WHAT TO WORK ON:
Scan the material for "sandwichE". Copy every line it appears in.

MATERIALS PROVIDED:
(* Let $k$ be an algebraically closed field and let $A$ be a finite dimensional $k$-algebra. If $A$ does not have a non-trivial grading, then $A$ is a basic algebra.
   Context: A grading on $A$ is a decomposition $A=\bigoplus_{i\in\mathbb{Z}}A_i$ into subspaces with $A_iA_j\subseteq A_{i+j}$ for all $i,j\in\mathbb{Z}$. The trivial grading is $A_0=A$ (all other components zero); a grading is non-trivial if $A_i\neq 0$ for some $i\neq 0$. Here ''$A$ has a non-trivial grading'' means there is a non-trivial grading on an algebra isomorphic to $A$. *)

From HB Require Import structures.
From mathcomp Require Import all_boot all_order all_algebra all_field.
Set Implicit Arguments. Unset Strict Implicit. Unset Printing Implicit Defensive.
Import GRing.Theory.
Local Open Scope ring_scope.

Section Defs.
Variables (k : fieldType) (A : falgType k).

(* A Z-grading of A: subspaces V i (i : int), only finitely many nonzero
   (those outside the finite list s vanish; automatic in finite dimension),
   whose sum is direct and equal to A, with V i * V j <= V (i + j). *)
Definition is_grading (V : int -> {vspace A}) : Prop :=
  [/\ (exists s : seq int,
        [/\ uniq s, (forall i, i \notin s -> V i = 0%VS),
            (\sum_(i <- s) V i)%VS = fullv & directv (\sum_(i <- s) V i)]) &
   forall (i j : int) (x y : A), x \in V i -> y \in V j -> x * y \in V (i + j)].

Definition is_nontrivial_grading (V : int -> {vspace A}) : Prop :=
  is_grading V /\ exists i : int, i != 0 /\ V i != 0%VS.

Definition has_nontrivial_grading : Prop :=
  exists V : int -> {vspace A}, is_nontrivial_grading V.

Definition idempotent (e : A) : Prop := e * e = e.

Definition primitive_idempotent (e : A) : Prop :=
  [/\ idempotent e, e != 0 &
      forall f g : A, idempotent f -> idempotent g -> f * g = 0 -> g * f = 0 ->
        e = f + g -> f = 0 \/ g = 0].

Definition complete_primitive_orthogonal (n : nat) (e : 'I_n -> A) : Prop :=
  [/\ forall i, primitive_idempotent (e i),
      forall i j, i != j -> e i * e j = 0 &
      \sum_(i < n) e i = 1].

Definition in_rideal (e u : A) : Prop := exists a : A, u = e * a.

Definition rmod_hom (e f : A) (h : A -> A) : Prop :=
  [/\ forall u, in_rideal e u -> in_rideal f (h u),
      forall u v, in_rideal e u -> in_rideal e v -> h (u + v) = h u + h v &
      forall u a, in_rideal e u -> h (u * a) = h u * a].

Definition rmod_iso (e f : A) : Prop :=
  exists h g : A -> A,
    [/\ rmod_hom e f h, rmod_hom f e g,
        forall u, in_rideal e u -> g (h u) = u &
        forall v, in_rideal f v -> h (g v) = v].

(* Basic algebra (Assem-Simson-Skowronski, Def. I.6.1): A_A = e_1 A + ... + e_n A
   for a complete set of primitive orthogonal idempotents with e_i A, e_j A
   non-isomorphic for i <> j. *)
Definition basic_algebra : Prop :=
  exists (n : nat) (e : 'I_n -> A),
    complete_primitive_orthogonal e /\
    forall i j, i != j -> ~ rmod_iso (e i) (e j).

End Defs.

(* If an idempotent e and its complement f = 1 - e had eAf <> 0 or fAe <> 0,
   the Peirce decomposition A = (eAe + fAf) + eAf + fAe would be a grading in
   degrees 0, 1, -1 with a nonzero component of nonzero degree.  So without
   non-trivial gradings every idempotent is central.  Splitting 1 into
   primitive orthogonal idempotents e_i (by induction on dim e_i A), any
   module map e_i A -> e_j A sends e_i = e_i e_i to e_j b e_i = b e_j e_i = 0
   for i <> j, so the e_i A are pairwise non-isomorphic and A is basic. *)

From HB Require Import structures.
From mathcomp Require Import all_boot all_order all_algebra all_field.
From Stdlib Require Import Classical.
Set Implicit Arguments.
Unset Strict Implicit.
Unset Printing Implicit Defensive.

Import GRing.Theory.
Local Open Scope ring_scope.

Lemma mem_limg_idem (k : fieldType) (vT : vectType k) (phi : 'End(vT)) v :
  (forall u, phi (phi u) = phi u) -> v \in limg phi <-> phi v = v.
Proof.
move=> phiK; split=> [/memv_imgP [u _ ->] | <-]; first exact: phiK.
exact: memv_img (memvf v).
Qed.

Section PeirceGrading.
Variables (k : fieldType) (A : falgType k) (e f : A).
Hypotheses (idem_e : e * e = e) (add_ef : e + f = 1).

Let def_f : f = 1 - e. Proof. by rewrite -add_ef [e + f]addrC addrK. Qed.
Let idem_f : f * f = f.
Proof. by rewrite def_f mulrBl mul1r mulrBr mulr1 idem_e subrr subr0. Qed.
Let mul_ef : e * f = 0. Proof. by rewrite def_f mulrBr mulr1 idem_e subrr. Qed.
Let mul_fe : f * e = 0. Proof. by rewrite def_f mulrBl mul1r idem_e subrr. Qed.

Let mul_ee x : x * e * e = x * e. Proof. by rewrite -mulrA idem_e. Qed.
Let mul_ff x : x * f * f = x * f. Proof. by rewrite -mulrA idem_f. Qed.
Let mul_ef0 x : x * e * f = 0. Proof. by rewrite -mulrA mul_ef mulr0. Qed.
Let mul_fe0 x : x * f * e = 0. Proof. by rewrite -mulrA mul_fe mulr0. Qed.

Ltac peirce_simpl :=
  rewrite ?(mulrDl, mulrDr) ?mulrA
          ?(idem_e, idem_f, mul_ef, mul_fe, mul_ee, mul_ff, mul_ef0, mul_fe0,
            mulr0, mul0r, addr0, add0r).

Definition sandwich (x y : A) : 'End(A) := (amulr y \o amull x)%VF.

Lemma sandwichE x y a : sandwich x y a = x * a * y.
Proof. by rewrite comp_lfunE !lfunE. Qed.

Definition peirce_diag := limg (sandwich e e + sandwich f f).
Definition peirce_ef := limg (sandwich e f).
Definition peirce_fe := limg (sandwich f e).

Lemma mem_peirce_diag z : z \in peirce_diag <-> e * z * e + f * z * f = z.
Proof.
rewrite -[X in _ <-> X + _ = _]sandwichE -[X in _ <-> _ + X = _]sandwichE.
rewrite -add_lfunE; apply: mem_limg_idem => u.
by rewrite !add_lfunE !sandwichE; peirce_simpl.
Qed.

Lemma mem_peirce_ef z : z \in peirce_ef <-> e * z * f = z.
Proof.
rewrite -sandwichE; apply: mem_limg_idem => u.
by rewrite !sandwichE; peirce_simpl.
Qed.

Lemma mem_peirce_fe z : z \in peirce_fe <-> f * z * e = z.
Proof.
rewrite -sandwichE; apply: mem_limg_idem => u.
by rewrite !sandwichE; peirce_simpl.
Qed.

Definition peirce_grading (i : int) : {vspace A} :=
  if i == 0 then peirce_diag else if i == 1 then peirce_ef
  else if i == -1 then peirce_fe else 0%VS.

Lemma mem_peirce_gradingP i z : z \in peirce_grading i ->
  [\/ i = 0 /\ e * z * e + f * z * f = z, i = 1 /\ e * z * f = z,
      i = -1 /\ f * z * e = z | z = 0].
Proof.
rewrite /peirce_grading.
case: eqP => [-> /mem_peirce_diag | _]; first by constructor 1.
case: eqP => [-> /mem_peirce_ef | _]; first by constructor 2.
case: eqP => [-> /mem_peirce_fe | _]; first by constructor 3.
by rewrite memv0 => /eqP; constructor 4.
Qed.

Lemma peirce_grading_mul i j x y :
  x \in peirce_grading i -> y \in peirce_grading j ->
  x * y \in peirce_grading (i + j).
Proof.
case/mem_peirce_gradingP=> [[-> <-]|[-> <-]|[-> <-]|->];
  last by rewrite mul0r mem0v.
all: case/mem_peirce_gradingP=> [[-> <-]|[-> <-]|[-> <-]|->];
  last by rewrite mulr0 mem0v.
all: rewrite /peirce_grading /=; peirce_simpl; rewrite ?mem0v //.
all: first [apply/mem_peirce_diag | apply/mem_peirce_ef | apply/mem_peirce_fe].
all: by peirce_simpl.
Qed.

Let peirce_decomposition u :
  (e * u * e + f * u * f) + (e * u * f + f * u * e) = u.
Proof.
rewrite -[RHS]mul1r -[RHS]mulr1 -add_ef !(mulrDl, mulrDr).
by rewrite addrACA [RHS]addrACA [f * u * f + _]addrC.
Qed.

Lemma peirce_sum_full : (peirce_diag + (peirce_ef + peirce_fe))%VS = fullv.
Proof.
apply/eqP; rewrite eqEsubv subvf; apply/subvP => u _.
rewrite -(peirce_decomposition u); apply: memv_add.
  by apply/mem_peirce_diag; peirce_simpl.
by apply: memv_add; [apply/mem_peirce_ef | apply/mem_peirce_fe]; peirce_simpl.
Qed.

Lemma peirce_sum_direct : directv (peirce_diag + (peirce_ef + peirce_fe)).
Proof.
rewrite directv_addE /=; apply/and3P; split; first exact: directv_trivial.
  apply/directv_addP/eqP; rewrite -subv0; apply/subvP => u.
  case/memv_capP=> [/mem_peirce_ef <- /mem_peirce_fe u_fe].
  by rewrite memv0 -{1}u_fe; peirce_simpl.
rewrite -subv0; apply/subvP => u /memv_capP [/mem_peirce_diag u_diag].
case/memv_addP=> [v /mem_peirce_ef v_ef [w /mem_peirce_fe w_fe u_vw]].
rewrite memv0 u_vw.
have <- : e * u * f = v by rewrite u_vw -v_ef -w_fe; peirce_simpl.
have <- : f * u * e = w by rewrite u_vw -v_ef -w_fe; peirce_simpl.
by rewrite -u_diag; peirce_simpl.
Qed.

Lemma peirce_grading_is_grading : is_grading peirce_grading.
Proof.
split; last exact: peirce_grading_mul.
exists [:: 0; 1; -1]; split=> //.
- by move=> i; rewrite !inE /peirce_grading; do 3 case: eqP => //.
- by rewrite !big_cons big_nil addv0; exact: peirce_sum_full.
- move: peirce_sum_direct.
  by rewrite !directvE /= !big_cons !big_nil addv0 addn0.
Qed.

Let peirce_grading_nontrivial i z :
  i != 0 -> z \in peirce_grading i -> z != 0 -> has_nontrivial_grading A.
Proof.
move=> i_neq0 z_i z_neq0; exists peirce_grading; split.
  exact: peirce_grading_is_grading.
by exists i; split=> //; apply: contraNneq z_neq0 => Vi0; rewrite -memv0 -Vi0.
Qed.

Lemma offdiag_peirce_eq0 :
  ~ has_nontrivial_grading A -> forall a, e * a * f = 0 /\ f * a * e = 0.
Proof.
move=> no_grading a; split; apply/eqP/contraT => offdiag_neq0; case: no_grading.
  apply: (@peirce_grading_nontrivial 1 _ _ _ offdiag_neq0) => //.
  by apply/mem_peirce_ef; peirce_simpl.
apply: (@peirce_grading_nontrivial (-1) _ _ _ offdiag_neq0) => //.
by apply/mem_peirce_fe; peirce_simpl.
Qed.
End PeirceGrading.

Lemma idempotent_central (k : fieldType) (A : falgType k) :
  ~ has_nontrivial_grading A -> forall e a : A, e * e = e -> e * a = a * e.
Proof.
move=> no_grading e a idem_e.
have add_e : e + (1 - e) = 1 by rewrite addrC subrK.
have [eaf fae] := offdiag_peirce_eq0 idem_e add_e no_grading a.
have -> : e * a = e * a * e by rewrite -{1}[e * a]mulr1 -add_e mulrDr eaf addr0.
by rewrite -{1}[a * e]mul1r -add_e mulrA mulrDl mulrDl fae addr0.
Qed.

Section PrimitiveDecomposition.
Variables (k : fieldType) (A : falgType k).

Definition orthogonal : rel A := fun x y => (x * y == 0) && (y * x == 0).

Definition primitive_decomposition (e : A) (s : seq A) : Prop :=
  [/\ {in s, forall x, primitive_idempotent x},
      {in s, forall x, x * e = x /\ e * x = x},
      pairwise orthogonal s & \sum_(x <- s) x = e].

Definition rideal (e : A) : {vspace A} := limg (amull e).

Lemma mem_rideal e a : e * a \in rideal e.
Proof. by have := memv_img (amull e) (memvf a); rewrite lfunE. Qed.

Lemma ltn_dim_rideal e f g : f * f = f -> g * g = g -> f * g = 0 -> g * f = 0 ->
  e = f + g -> g != 0 -> (\dim (rideal f) < \dim (rideal e))%N.
Proof.
move=> idem_f idem_g fg0 gf0 def_e g_neq0.
have ef : e * f = f by rewrite def_e mulrDl idem_f gf0 addr0.
have eg : e * g = g by rewrite def_e mulrDl idem_g fg0 add0r.
have sub_f : (rideal f <= rideal e)%VS.
  apply/subvP => _ /memv_imgP [a _ ->].
  by rewrite lfunE /= -ef -mulrA mem_rideal.
rewrite (ltn_leqif (dimv_leqif_sup sub_f)); apply/negP => /subvP sub_e.
have /sub_e /memv_imgP [a _] := mem_rideal e g.
rewrite eg lfunE /= => g_fa.
by move: g_neq0; rewrite -idem_g {2}g_fa mulrA gf0 mul0r eqxx.
Qed.

Lemma primitive_decomposition0 : primitive_decomposition 0 [::].
Proof. by split=> //; rewrite big_nil. Qed.

Lemma primitive_decomposition1 e :
  primitive_idempotent e -> primitive_decomposition e [:: e].
Proof.
move=> prim_e; have [idem_e _ _] := prim_e.
by split=> [x | x | | ]; rewrite ?big_seq1 // inE => /eqP ->.
Qed.

Lemma primitive_decompositionD f g sf sg :
  f * g = 0 -> g * f = 0 -> primitive_decomposition f sf ->
  primitive_decomposition g sg -> primitive_decomposition (f + g) (sf ++ sg).
Proof.
move=> fg0 gf0 [prim_f in_f orth_f sum_f] [prim_g in_g orth_g sum_g].
have absorbD h h' x : h * h' = 0 -> h' * h = 0 -> x * h = x /\ h * x = x ->
    x * (h + h') = x /\ (h + h') * x = x.
  move=> hh' h'h [xh hx]; split.
    by rewrite mulrDr -[X in X * h']xh -mulrA hh' mulr0 addr0 xh.
  by rewrite mulrDl -[X in h' * X]hx mulrA h'h mul0r addr0 hx.
split.
- by move=> x; rewrite mem_cat => /orP [/prim_f | /prim_g].
- move=> x; rewrite mem_cat => /orP [/in_f | /in_g]; first exact: absorbD.
  by rewrite addrC; apply: absorbD.
- rewrite pairwise_cat orth_f orth_g !andbT; apply/allrelP => p q.
  case/in_f=> [pf fp] /in_g [qg gq]; apply/andP; split; apply/eqP.
    by rewrite -pf -gq -mulrA (mulrA f) fg0 mul0r mulr0.
  by rewrite -qg -fp -mulrA (mulrA g) gf0 mul0r mulr0.
- by rewrite big_cat /= sum_f sum_g.
Qed.

Lemma not_primitive_idempotent_split (e : A) :
  e * e = e -> e != 0 -> ~ primitive_idempotent e ->
  exists f g, [/\ f * f = f, g * g = g, f * g = 0, g * f = 0 & e = f + g]
              /\ f != 0 /\ g != 0.
Proof.
move=> idem_e e_neq0 not_prim; apply: NNPP => no_split; apply: not_prim.
split=> // f g idem_f idem_g fg0 gf0 def_e; apply: NNPP.
by case/not_or_and=> /eqP f_neq0 /eqP g_neq0; apply: no_split; exists f, g.
Qed.

Lemma primitive_decomposition_exists (e : A) :
  e * e = e -> exists s, primitive_decomposition e s.
Proof.
have [n] := ubnP (\dim (rideal e)); elim: n e => // n IH e dim_e idem_e.
have [-> | e_neq0] := eqVneq e 0.
  by exists [::]; exact: primitive_decomposition0.
have [prim_e | not_prim] := classic (primitive_idempotent e).
  by exists [:: e]; exact: primitive_decomposition1.
have [f [g [[idem_f idem_g fg0 gf0 def_e] [f_neq0 g_neq0]]]] :=
  not_primitive_idempotent_split idem_e e_neq0 not_prim.
have [|sf dec_f] := IH f _ idem_f.
  by rewrite -ltnS (leq_trans _ dim_e) // ltnS (ltn_dim_rideal idem_f idem_g).
have [|sg dec_g] := IH g _ idem_g.
  rewrite addrC in def_e.
  by rewrite -ltnS (leq_trans _ dim_e) // ltnS (ltn_dim_rideal idem_g idem_f).
by exists (sf ++ sg); rewrite def_e; exact: primitive_decompositionD.
Qed.

Lemma orthogonal_nth (s : seq A) : pairwise orthogonal s ->
  forall i j : 'I_(size s), i != j -> s`_i * s`_j = 0.
Proof.
move=> /pairwiseP orth_s i j; rewrite neq_ltn => /orP [] lt_ij.
  by have /andP [/eqP] := orth_s 0 i j (ltn_ord i) (ltn_ord j) lt_ij.
by have /andP [_ /eqP] := orth_s 0 j i (ltn_ord j) (ltn_ord i) lt_ij.
Qed.
End PrimitiveDecomposition.

Section RightIdealIsomorphism.
Variables (k : fieldType) (A : falgType k).

Lemma rmod_hom0 (e f : A) h : rmod_hom e f h -> h 0 = 0.
Proof.
case=> _ hD _; have e0 : in_rideal e 0 by exists 0; rewrite mulr0.
move: (hD 0 0 e0 e0); rewrite addr0 => /(congr1 (fun x => x - h 0)).
by rewrite subrr addrK.
Qed.

Lemma rmod_hom_central_eq0 (e f : A) h : e * e = e -> f * e = 0 ->
  (forall a, f * a = a * f) -> rmod_hom e f h -> h e = 0.
Proof.
move=> idem_e fe0 f_central [h_to _ hM].
have e_e : in_rideal e e by exists e.
have [b heb] := h_to e e_e.
by rewrite -{1}idem_e hM // heb f_central -mulrA fe0 mulr0.
Qed.

Lemma not_rmod_iso_central (e f : A) : e * e = e -> e != 0 -> f * e = 0 ->
  (forall a, f * a = a * f) -> ~ rmod_iso e f.
Proof.
move=> idem_e e_neq0 fe0 f_central [h [g [hom_h hom_g ghK _]]].
have e_e : in_rideal e e by exists e.
move: e_neq0; rewrite -(ghK e e_e).
by rewrite (rmod_hom_central_eq0 idem_e fe0 f_central hom_h) (rmod_hom0 hom_g) eqxx.
Qed.
End RightIdealIsomorphism.

Theorem mainTheorem1 (k : closedFieldType) (A : falgType k) :
  ~ has_nontrivial_grading A -> basic_algebra A.
Proof.
move=> no_grading; have central := idempotent_central no_grading.
have [s [prim_s _ orth_s sum_s]] :=
  primitive_decomposition_exists (mulr1 (1 : A)).
have prim_nth (i : 'I_(size s)) : primitive_idempotent s`_i.
  by apply/prim_s/mem_nth.
exists (size s), (nth 0 s); split.
  split=> //; first exact: orthogonal_nth.
  by rewrite -sum_s (big_nth 0) big_mkord.
move=> i j neq_ij.
have [[idem_i nz_i _] [idem_j _ _]] := (prim_nth i, prim_nth j).
apply: not_rmod_iso_central => //; last by move=> a; exact: central.
by apply: (orthogonal_nth orth_s); rewrite eq_sym.
Qed.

RESPONSE TO THIS TASK:
Lemma sandwichE x y a : sandwich x y a = x * a * y.
rewrite -[X in _ <-> X + _ = _]sandwichE -[X in _ <-> _ + X = _]sandwichE.
by rewrite !add_lfunE !sandwichE; peirce_simpl.
rewrite -sandwichE; apply: mem_limg_idem => u.
by rewrite !sandwichE; peirce_simpl.
rewrite -sandwichE; apply: mem_limg_idem => u.
by rewrite !sandwichE; peirce_simpl.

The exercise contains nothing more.